Tissue Stiffness Drives Tumor Formation
Paying attention to the mechanical forces that regulate cell
is important to understanding tumorogenesis
(Philadelphia, PA) - The relationship between tissue rigidity
and tumor formation is fairly well established; however, what is not so
well understood is what happens on a molecular level that contributes
to such stiffness. Now, for the first time, researchers at the University
of Pennsylvania School of Medicine have shown that tumor formation
is generated by a complex interaction of both mechanical as well as chemical
signals, and the resulting tissue stiffening induces molecular signals
that promote the cancerous behavior of cells. Penn’s interdisciplinary
research team – drawn from the fields of Biomedical Engineering
and Cell and Developmental Biology – has demonstrated clearly that
force, growth, and tumor behavior are inextricably linked and this enhanced
understanding of the necessary fusion of these factors may lead to the
development of new tumor therapies or targets.
“This study identifies the connection between oncogenes and the
mechanics of the cell and its microenvironment in animal and culture experimental
models,” explains senior author Valerie Weaver, PhD,
Assistant Professor of Pathology and Laboratory Medicine. “Specifically,
we have defined the vitality of mechanical force as an integral factor
in tumor development.” Weaver and colleagues published their findings
as the cover-story in the September issue of Cancer Cell.
Weaver and first authors, Matthew J. Pascek and Nastaran
Zahir – both graduate students in Bioengineering –
used a three-dimensional gel on which they grew breast cancer cells and
could precisely control and measure the stiffness of the surrounding microenvironment.
“We found that tissue rigidity enhances cell growth and destroys
tissue organization to promote tumor-like behavior in normal cells,”
says Pascek. “This happens because the stiffness helps to activate
key growth signaling pathways and increase cell tension.”
Cells use surface receptors called integrins to communicate with the outside
tissue environment, which consists primarily of connective tissue. Integrins
regulate cell growth, death, and movement, as well as tissue organization.
Integrins also play a role in cell division and proliferation through
ERK, an extracellular signal-regulating molecule. Despite the fact that
integrins were discovered and their activity found to be aberrant in tumors
decades ago, how integrins could become altered and their importance to
cancer has remained contentious among researchers.
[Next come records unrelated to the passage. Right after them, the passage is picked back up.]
(* Let $a_1,\dots,a_n\in S^d$, and run Algorithm 2.9 (described in the context). Then $\mathrm{def}\,Q_k\le t^{-1}$ after at most $t^2$ steps. That is, for every real $t\ge1$ and every index $k\ge t^2$ for which $Q_k$ is produced, $\mathrm{def}\,Q_k\le 1/t$.
   Context: $S^d$ is the unit sphere in $\mathbb{R}^{d+1}$ and $O$ is the origin. An index $m$ is a most violated constraint for $x\in S^d$ if $a_m^Tx=\min_j a_j^Tx$. A finite set $Q$ is positively spanning if it is affinely independent and $O\in\mathrm{conv}\,Q$. For affinely independent $Q$ whose projection $O'$ of $O$ onto $\mathrm{aff}\,Q$ lies in $\mathrm{conv}\,Q$, $\mathrm{def}\,Q=\|O'\|$. The touching sphere of an affinely independent $Q$ is the unique sphere $\{z:\|z-C\|=R\}$ with $C\in\mathrm{aff}\,Q$ containing $Q$. Algorithm 2.9: (1) Choose any $j$ and set $k=1$, $x^1=a_j$, $Q_1=\{a_j\}$. (2) If $a_i^Tx^k\ge0$ for all $i$, stop. Otherwise let $m$ be a most violated constraint for $x^k/\|x^k\|$, and let $y$ be the point on the line through $x^k$ and $a_m$ closest to the origin. (3) If $Q_k\cup\{a_m\}$ is positively spanning, stop. (4) Compute the center $C$ of the touching sphere of $Q_k\cup\{a_m\}$. (5) If $C\in\mathrm{conv}(Q_k\cup\{a_m\})$, set $x^{k+1}=C$, $Q_{k+1}=Q_k\cup\{a_m\}$ and $k:=k+1$, then go to (2). (6) Otherwise, let $y$ be the point where $\overline{yC}$ meets the relative boundary of $\mathrm{conv}(Q_k\cup\{a_m\})$. Let $F$ be a facet containing $y$, and let $a_j$ be the vertex of $Q_k$ not in $F$. Set $Q_k:=Q_k\setminus\{a_j\}$ and go to (4). *)

From HB Require Import structures.
From mathcomp Require Import all_boot all_order all_algebra.
From mathcomp Require Import reals.
Set Implicit Arguments.
Unset Strict Implicit.
Unset Printing Implicit Defensive.
Import Order.TTheory GRing.Theory Num.Theory.
Local Open Scope ring_scope.

Section Defs.
Variable R : realType.
Variable d n : nat.
Notation vec := 'rV[R]_(d.+1).

Definition dot (u v : vec) : R := \sum_(i < d.+1) u 0 i * v 0 i.
Definition norm (u : vec) : R := Num.sqrt (dot u u).

(* The constraint vectors a_1..a_n are a family a : 'I_n -> vec; a subset Q of
   {a_i} is represented by a set of indices S : {set 'I_n}. *)
Variable a : 'I_n -> vec.

Definition in_aff (S : {set 'I_n}) (x : vec) : Prop :=
  exists c : 'I_n -> R, (forall i, i \notin S -> c i = 0) /\
    \sum_i c i = 1 /\ x = \sum_i c i *: a i.

Definition in_conv (S : {set 'I_n}) (x : vec) : Prop :=
  exists c : 'I_n -> R, (forall i, i \notin S -> c i = 0) /\
    (forall i, 0 <= c i) /\ \sum_i c i = 1 /\ x = \sum_i c i *: a i.

Definition aff_indep (S : {set 'I_n}) : Prop :=
  forall c : 'I_n -> R, (forall i, i \notin S -> c i = 0) ->
    \sum_i c i = 0 -> \sum_i c i *: a i = 0 -> forall i, c i = 0.

Definition pos_spanning (S : {set 'I_n}) : Prop :=
  aff_indep S /\ in_conv S 0.

(* relative interior / relative boundary of conv Q (conv Q is closed) *)
Definition in_relint (S : {set 'I_n}) (x : vec) : Prop :=
  in_conv S x /\ exists e : R, 0 < e /\
    forall z, in_aff S z -> norm (z - x) < e -> in_conv S z.

Definition in_relbd (S : {set 'I_n}) (x : vec) : Prop :=
  in_conv S x /\ ~ in_relint S x.

Definition touch_center (S : {set 'I_n}) (C : vec) : Prop :=
  aff_indep S /\ in_aff S C /\
  exists r : R, forall i, i \in S -> norm (a i - C) = r.

Definition proj_origin (S : {set 'I_n}) (p : vec) : Prop :=
  in_aff S p /\ forall z, in_aff S z -> norm p <= norm z.

(* def Q = r : defined when O' lies in conv Q, and then equals ||O'|| *)
Definition defect (S : {set 'I_n}) (r : R) : Prop :=
  exists p, proj_origin S p /\ in_conv S p /\ r = norm p.

Definition most_violated (m : 'I_n) (u : vec) : Prop :=
  forall j, dot (a m) u <= dot (a j) u.

Definition closest_on_line (x b y : vec) : Prop :=
  (exists s : R, y = x + s *: (b - x)) /\
  forall s : R, norm y <= norm (x + s *: (b - x)).

Definition exit_point (S : {set 'I_n}) (y C y' : vec) : Prop :=
  (exists s : R, 0 <= s <= 1 /\ y' = y + s *: (C - y) /\
     forall s' : R, s < s' <= 1 -> ~ in_conv S (y + s' *: (C - y))) /\
  in_relbd S y'.

(* The inner loop (4)-(6) with the new constraint m: from the current Q_k
   (index set S) and current point y, it ends at step (5) with
   Q_{k+1} = S' and x^{k+1} = x'. *)
Inductive inner_loop (m : 'I_n) : {set 'I_n} -> vec -> {set 'I_n} -> vec -> Prop :=
| inner_done S y C :
    touch_center (m |: S) C -> in_conv (m |: S) C ->
    inner_loop m S y (m |: S) C
| inner_drop S y C y' j S' x' :
    touch_center (m |: S) C -> ~ in_conv (m |: S) C ->
    exit_point (m |: S) y C y' ->
    (* F = conv((Q_k u {a_m}) \ {a_j}) is a facet containing y', a_j in Q_k *)
    j \in S -> in_conv ((m |: S) :\ j) y' ->
    inner_loop m (S :\ j) y' S' x' ->
    inner_loop m S y S' x'.

(* One full iteration of the algorithm from (Q_k, x^k) to (Q_{k+1}, x^{k+1})
   in which the algorithm does not stop. *)
Definition alg_step (S : {set 'I_n}) (x : vec) (S' : {set 'I_n}) (x' : vec)
  : Prop :=
  (exists i, dot (a i) x < 0) /\
  exists m y, most_violated m ((norm x)^-1 *: x) /\
    closest_on_line x (a m) y /\
    ~ pos_spanning (m |: S) /\
    inner_loop m S y S' x'.

Definition alg_run (K : nat) (Qs : nat -> {set 'I_n}) (xs : nat -> vec)
  : Prop :=
  exists j, Qs 1%N = [set j] /\ xs 1%N = a j /\
    forall k, (1 <= k < K)%N -> alg_step (Qs k) (xs k) (Qs k.+1) (xs k.+1).

End Defs.

(* Every iterate x^k is the projection O' of the origin onto aff Q_k and lies
   in conv Q_k, so def Q_k = |x^k|.  Since the a_i are unit vectors, the centre
   of the touching sphere of a subset is exactly the point of its affine hull
   nearest to O; and each move of the inner loop goes along a segment towards
   such a centre, which cannot increase the norm.  Hence each iteration
   replaces u = |x^k|^2 by at most |y|^2, and because a_m . x^k < 0 the point y
   on the line through x^k and a_m satisfies |y|^2 <= u / (1 + u).  From
   u_1 = 1 this gives u_k <= 1/k, i.e. def Q_k <= 1/t once k >= t^2. *)
From HB Require Import structures.
From mathcomp Require Import all_boot all_order all_algebra.
From mathcomp Require Import reals.
From mathcomp Require Import ring lra.
Set Implicit Arguments.
Unset Strict Implicit.
Unset Printing Implicit Defensive.
Import Order.TTheory GRing.Theory Num.Theory.
Local Open Scope ring_scope.

Section InnerProduct.
Variables (R : realType) (d : nat).
Local Notation vec := 'rV[R]_(d.+1).
Implicit Types u v w x y b C : vec.

Lemma dotC u v : dot u v = dot v u.
Proof. by apply: eq_bigr => i _; rewrite mulrC. Qed.

Lemma dotDl u v w : dot (u + v) w = dot u w + dot v w.
Proof. by rewrite /dot -big_split; apply: eq_bigr => i _; rewrite mxE mulrDl. Qed.

Lemma dotZl c u v : dot (c *: u) v = c * dot u v.
Proof. by rewrite /dot mulr_sumr; apply: eq_bigr => i _; rewrite mxE mulrA. Qed.

Lemma dotNl u v : dot (- u) v = - dot u v.
Proof. by rewrite -scaleN1r dotZl mulN1r. Qed.

Lemma dotBl u v w : dot (u - v) w = dot u w - dot v w.
Proof. by rewrite dotDl dotNl. Qed.

Lemma dotDr u v w : dot w (u + v) = dot w u + dot w v.
Proof. by rewrite dotC dotDl !(dotC w). Qed.

Lemma dotZr c u v : dot v (c *: u) = c * dot v u.
Proof. by rewrite dotC dotZl dotC. Qed.

Lemma dotBr u v w : dot w (u - v) = dot w u - dot w v.
Proof. by rewrite dotC dotBl !(dotC w). Qed.

Lemma dotNr u v : dot v (- u) = - dot v u.
Proof. by rewrite dotC dotNl dotC. Qed.

Lemma dotr0 u : dot u 0 = 0.
Proof. by rewrite -(scale0r 0) dotZr mul0r. Qed.

Lemma dot_suml (I : finType) (F : I -> vec) v :
  dot (\sum_j F j) v = \sum_j dot (F j) v.
Proof.
rewrite /dot; under eq_bigr do rewrite summxE mulr_suml.
by rewrite exchange_big.
Qed.

Lemma dotvv_ge0 u : 0 <= dot u u.
Proof. by apply: sumr_ge0 => i _; rewrite -expr2 sqr_ge0. Qed.

Lemma dotvv_eq0 u : dot u u = 0 -> u = 0.
Proof.
move=> u0; apply/rowP => i; rewrite mxE; apply/eqP; rewrite -sqrf_eq0 expr2.
by apply/eqP; apply: psumr_eq0P u0 i isT => j _; rewrite -expr2 sqr_ge0.
Qed.

Lemma norm_gt0 u : u != 0 -> 0 < norm u.
Proof.
move=> /eqP u0; rewrite sqrtr_gt0 lt_neqAle dotvv_ge0 andbT eq_sym.
by apply/eqP => /dotvv_eq0.
Qed.

Lemma dot_line x b s : dot (x + s *: (b - x)) (x + s *: (b - x)) =
  dot x x + 2 * s * (dot x b - dot x x) + s ^+ 2 * (dot b b - 2 * dot x b + dot x x).
Proof.
by rewrite !(dotDl, dotDr, dotZl, dotZr, dotNl, dotNr) (dotC b x); ring.
Qed.

(* Convexity of |.|^2 along the segment: |y + s (C - y)|^2 is at most
   (1 - s) |y|^2 + s |C|^2. *)
Lemma dot_segment_le y C s : 0 <= s <= 1 -> dot C C <= dot y y ->
  dot (y + s *: (C - y)) (y + s *: (C - y)) <= dot y y.
Proof.
move=> /andP[s0 s1] Cy; rewrite dot_line.
have := dotvv_ge0 (y - C); rewrite !(dotBl, dotBr) (dotC C y) => yC.
have : 0 <= s * (1 - s) by apply: mulr_ge0; lra.
nra.
Qed.

(* The minimum over the line is at most its value at s = u / (1 + u), where
   u = |x|^2; the term 2 s (1 - s) (x . b) is dropped using x . b <= 0. *)
Lemma closest_on_line_le x b y : dot b b = 1 -> dot x b <= 0 ->
  closest_on_line x b y -> dot y y <= dot x x / (1 + dot x x).
Proof.
move=> b1 xb [_ ymin]; set u := dot x x; set s := u / (1 + u).
have u0 : 0 <= u := dotvv_ge0 x.
have su : s * (1 + u) = u by rewrite /s mulfVK // gt_eqF //; lra.
have s01 : 0 <= s <= 1 by rewrite /s divr_ge0 ?ler_pdivrMr //=; lra.
have : 0 <= s * (1 - s) by case/andP: s01 => s0 s1; apply: mulr_ge0; lra.
move: (ymin s); rewrite ler_sqrt ?dotvv_ge0 // dot_line b1 -/u => ys ss.
apply: le_trans ys _; rewrite -/s; nra.
Qed.

End InnerProduct.

Section Algorithm.
Variables (R : realType) (d n : nat) (a : 'I_n -> 'rV[R]_(d.+1)).
Hypothesis a_unit : forall i, norm (a i) = 1.
Local Notation vec := 'rV[R]_(d.+1).
Implicit Types (S T : {set 'I_n}) (x y z : vec).

Lemma dot_aa i : dot (a i) (a i) = 1.
Proof. by rewrite -[LHS]sqr_sqrtr ?dotvv_ge0 // [Num.sqrt _]a_unit expr1n. Qed.

Lemma in_conv_aff S x : in_conv a S x -> in_aff a S x.
Proof. by case=> c [c0 [_ cx]]; exists c. Qed.

Lemma in_aff_subset S T x : S \subset T -> in_aff a S x -> in_aff a T x.
Proof.
move=> /subsetP ST [c [c0 cx]]; exists c; split=> // i iT; apply: c0.
exact: contra (ST i) iT.
Qed.

Lemma in_aff_line S x y s : in_aff a S x -> in_aff a S y ->
  in_aff a S (x + s *: (y - x)).
Proof.
case=> c [c0 [c1 ->]] [e [e0 [e1 ->]]].
exists (fun i => c i + s * (e i - c i)); split.
  by move=> i iS; rewrite c0 ?e0 // subrr mulr0 addr0.
split; first by rewrite big_split /= -mulr_sumr sumrB c1 e1 subrr mulr0 addr0.
rewrite -sumrB scaler_sumr -big_split; apply: eq_bigr => i _ /=.
by rewrite scalerDl -scalerA scalerBl.
Qed.

Lemma in_conv_set1 j : in_conv a [set j] (a j).
Proof.
exists (fun i => (i == j)%:R); split; first by move=> i; rewrite inE => /negbTE ->.
split; first by move=> i; case: (i == j).
split; first by rewrite (bigD1 j) //= eqxx big1 ?addr0 // => i /negbTE ->.
by rewrite (bigD1 j) //= eqxx scale1r big1 ?addr0 // => i /negbTE ->; rewrite scale0r.
Qed.

Lemma in_aff_set1 j z : in_aff a [set j] z -> z = a j.
Proof.
case=> c [c0 [c1 ->]].
have cE i : i != j -> c i = 0 by move=> ij; rewrite c0 // inE.
rewrite (bigD1 j) //= big1 => [|i /cE ->]; last by rewrite scale0r.
move: c1; rewrite (bigD1 j) //= big1 => [|i /cE //].
by rewrite !addr0 => ->; rewrite scale1r.
Qed.

(* All a_i with i in S lie on the sphere around C and on the unit sphere, so
   a_i . C is a constant k on S; hence z . C = k for every z in aff S, in
   particular |C|^2 = k, and |z|^2 = |C|^2 + |z - C|^2. *)
Lemma touch_center_min S C z : touch_center a S C -> in_aff a S z ->
  dot C C <= dot z z.
Proof.
case=> _ [[g [g0 [g1 eC]]] [r hr]] [c [c0 [c1 ez]]].
pose k := (1 + dot C C - r ^+ 2) / 2.
have aC i : i \in S -> dot (a i) C = k.
  move=> iS; have : dot (a i - C) (a i - C) = r ^+ 2.
    by rewrite -(hr i iS) sqr_sqrtr // dotvv_ge0.
  rewrite dotBl !dotBr dot_aa (dotC C (a i)) /k; lra.
have affC (f : 'I_n -> R) : (forall i, i \notin S -> f i = 0) -> \sum_i f i = 1 ->
    dot (\sum_i f i *: a i) C = k.
  move=> f0 f1; rewrite dot_suml -[k]mul1r -f1 mulr_suml.
  apply: eq_bigr => i _; rewrite dotZl.
  by case: (boolP (i \in S)) => [/aC -> | /f0 ->]; rewrite ?mul0r.
have CC : dot C C = k by rewrite {1}eC affC.
have zC : dot z C = k by rewrite ez affC.
have := dotvv_ge0 (z - C); rewrite !(dotBl, dotBr) (dotC C z) zC CC; lra.
Qed.

Definition proj_in_conv S x :=
  in_conv a S x /\ forall z, in_aff a S z -> dot x x <= dot z z.

Lemma proj_in_conv_defect S x : proj_in_conv S x -> defect a S (norm x).
Proof.
case=> xS xmin; exists x; do !split=> //; first exact: in_conv_aff.
by move=> z /xmin; rewrite ler_sqrt ?dotvv_ge0.
Qed.

Lemma inner_loop_proj m S y S' x' : inner_loop a m S y S' x' ->
  in_aff a (m |: S) y -> proj_in_conv S' x' /\ dot x' x' <= dot y y.
Proof.
elim=> {S y S' x'} [S y C tc CS | S y C y' j S' x' tc _ exy' jS y'F _ IH] yS.
  split; last exact: touch_center_min tc yS.
  by split=> // z; apply: touch_center_min tc.
have y'S : in_aff a (m |: S :\ j) y'.
  apply: in_aff_subset (in_conv_aff y'F); apply/subsetP => i.
  by rewrite !inE => /andP[-> /orP[-> | ->]]; rewrite ?orbT.
have [x'proj x'y'] := IH y'S; split=> //; apply: le_trans x'y' _.
have [[s [s01 [-> _]]] _] := exy'.
exact/dot_segment_le/(touch_center_min tc).
Qed.

Lemma most_violated_lt0 m x : (exists i, dot (a i) x < 0) ->
  most_violated a m ((norm x)^-1 *: x) -> dot (a m) x < 0.
Proof.
case=> i aix mv; have x0 : x != 0 by apply: contraTneq aix => ->; rewrite dotr0 ltxx.
move: (mv i); rewrite !dotZr ler_pM2l ?invr_gt0 ?norm_gt0 // => ami.
exact: le_lt_trans ami aix.
Qed.

Lemma alg_step_proj S x S' x' : in_aff a S x -> alg_step a S x S' x' ->
  proj_in_conv S' x' /\ dot x' x' <= dot x x / (1 + dot x x).
Proof.
move=> xS [viol [m [y [mv [yline [_ loop]]]]]].
have ym : dot y y <= dot x x / (1 + dot x x).
  apply: closest_on_line_le yline; first exact: dot_aa.
  by rewrite dotC ltW // most_violated_lt0.
have yS : in_aff a (m |: S) y.
  case: yline => [[s ->] _]; apply: in_aff_line.
    by apply: in_aff_subset _ xS; apply: subsetUr.
  by apply: in_aff_subset _ (in_conv_aff (in_conv_set1 m)); rewrite sub1set setU11.
have [x'proj x'y] := inner_loop_proj loop yS.
by split=> //; apply: le_trans x'y ym.
Qed.

Lemma harmonic_step (u v : R) (k : nat) : 0 <= u -> u * k%:R <= 1 ->
  0 <= v -> v <= u / (1 + u) -> v * k.+1%:R <= 1.
Proof.
move=> u0 uk v0 vu; apply: le_trans (ler_wpM2r (ler0n _ _) vu) _.
rewrite mulrAC ler_pdivrMr ?mul1r; last lra.
by rewrite -addn1 natrD mulrDr mulr1; lra.
Qed.

Lemma alg_run_proj K Qs xs : alg_run a K Qs xs ->
  forall k, (1 <= k <= K)%N ->
  proj_in_conv (Qs k) (xs k) /\ dot (xs k) (xs k) * k%:R <= 1.
Proof.
case=> j [Q1 [x1 step]]; elim=> [//|[|k] IH] /andP[_ kK].
  rewrite Q1 x1 dot_aa mulr1; do !split=> //; first exact: in_conv_set1.
  by move=> z /in_aff_set1 ->.
have [[xS _] xk] := IH (ltnW kK).
have [x'proj x'x] := alg_step_proj (in_conv_aff xS) (step k.+1 kK).
by split=> //; apply: harmonic_step x'x; rewrite ?dotvv_ge0.
Qed.

End Algorithm.

Lemma sqrt_le_inv (R : realType) (u t : R) (k : nat) : 0 <= u ->
  u * k%:R <= 1 -> 1 <= t -> t ^+ 2 <= k%:R -> Num.sqrt u <= t^-1.
Proof.
move=> u0 uk t1 tk; have t0 : 0 < t by lra.
have ut : u <= (t ^+ 2)^-1.
  by rewrite -[_^-1]mul1r ler_pdivlMr ?exprn_gt0 //; nra.
have t'0 : 0 <= t^-1 by rewrite invr_ge0 ltW.
by rewrite -[t^-1]ger0_norm // -sqrtr_sqr ler_sqrt ?exprn_ge0 // exprVn.
Qed.

Theorem lemma2p11 (R : realType) (d n : nat) (a : 'I_n -> 'rV[R]_(d.+1))
  (ha : forall i, norm (a i) = 1)
  (K : nat) (Qs : nat -> {set 'I_n}) (xs : nat -> 'rV[R]_(d.+1))
  (hrun : alg_run a K Qs xs)
  (t : R) (k : nat) (ht : 1 <= t) (hk : (1 <= k <= K)%N) (hkt : t ^+ 2 <= k%:R) :
  exists r : R, defect a (Qs k) r /\ r <= t^-1.
Proof.
have [xproj xk] := alg_run_proj ha hrun hk.
exists (norm (xs k)); split; first exact: proj_in_conv_defect.
exact: sqrt_le_inv (dotvv_ge0 _) xk ht hkt.
Qed.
Weaver and colleagues found that tissue stiffness induces tumor-like behavior
in cells through ERK and Rho, another regulatory molecule. Although researchers
have long appreciated that oncogenes such as Ras and Erb2 drive cell growth
via the ERK pathway, this study showed how high levels of ERK also prime
a cell to contract more via integrins.
Integrin activity also regulates the Rho molecular pathway, which in tumors
regulates the stiffness of the cytoskeleton, a collection of protein filaments
within a cell that give shape and the capacity for directed movement.
When the researchers increased the stiffness of the gel in which experimental
cells were grown, Rho activity increased, as well as the number and size
of focal adhesions, clusters of integrins that create a connection between
integrins and the cytoskeleton.
Overall, the researchers found that a self-perpetuating program of tissue
destruction is set up – through changed integrin signaling –
to create a double-pronged drive toward aberrant cell behavior. Both the
stiffness of connective tissue surrounding developing tumors and the increased
activity or expression of oncogenes can promote cells to become cancerous.
For example, the researchers found that as stiffness increased in connective
tissue, the cells of a normal breast duct started to grow atypically,
causing the structure of the duct to degrade, as the uncontrolled cell
growth of duct-lining cells invaded the duct tube.
The researchers also discovered that when cell tension becomes great enough,
it overrides normal tissue behavior, but is reversible. “We showed
that some breast tumors with elevated signaling for the growth factor
ERK also have high tension and that their behavior would return to normal
by inhibiting cell tension," says Zahir. With this knowledge, Weaver's
group is now looking to see whether drugs that inhibit cell contractility
could help prevent early metastasis. They are also fine-tuning how different
cell types react to different levels of stiffness and how this is important
for normal cell behavior, as well as aberrant activity and structure.
This research was funded by the Department of Defense and the National
Institutes of Health. Co-authors are Kandice R. Johnson, Johnathon N.
Lakins, Gabriela I. Rozenberg, Amit Gefen, Cynthia A, Reinhart-King, Susan
S. Margulies, David Boettinger, and Daniel A. Hammer, all from Penn; as
well as Mica Dembo from Boston University.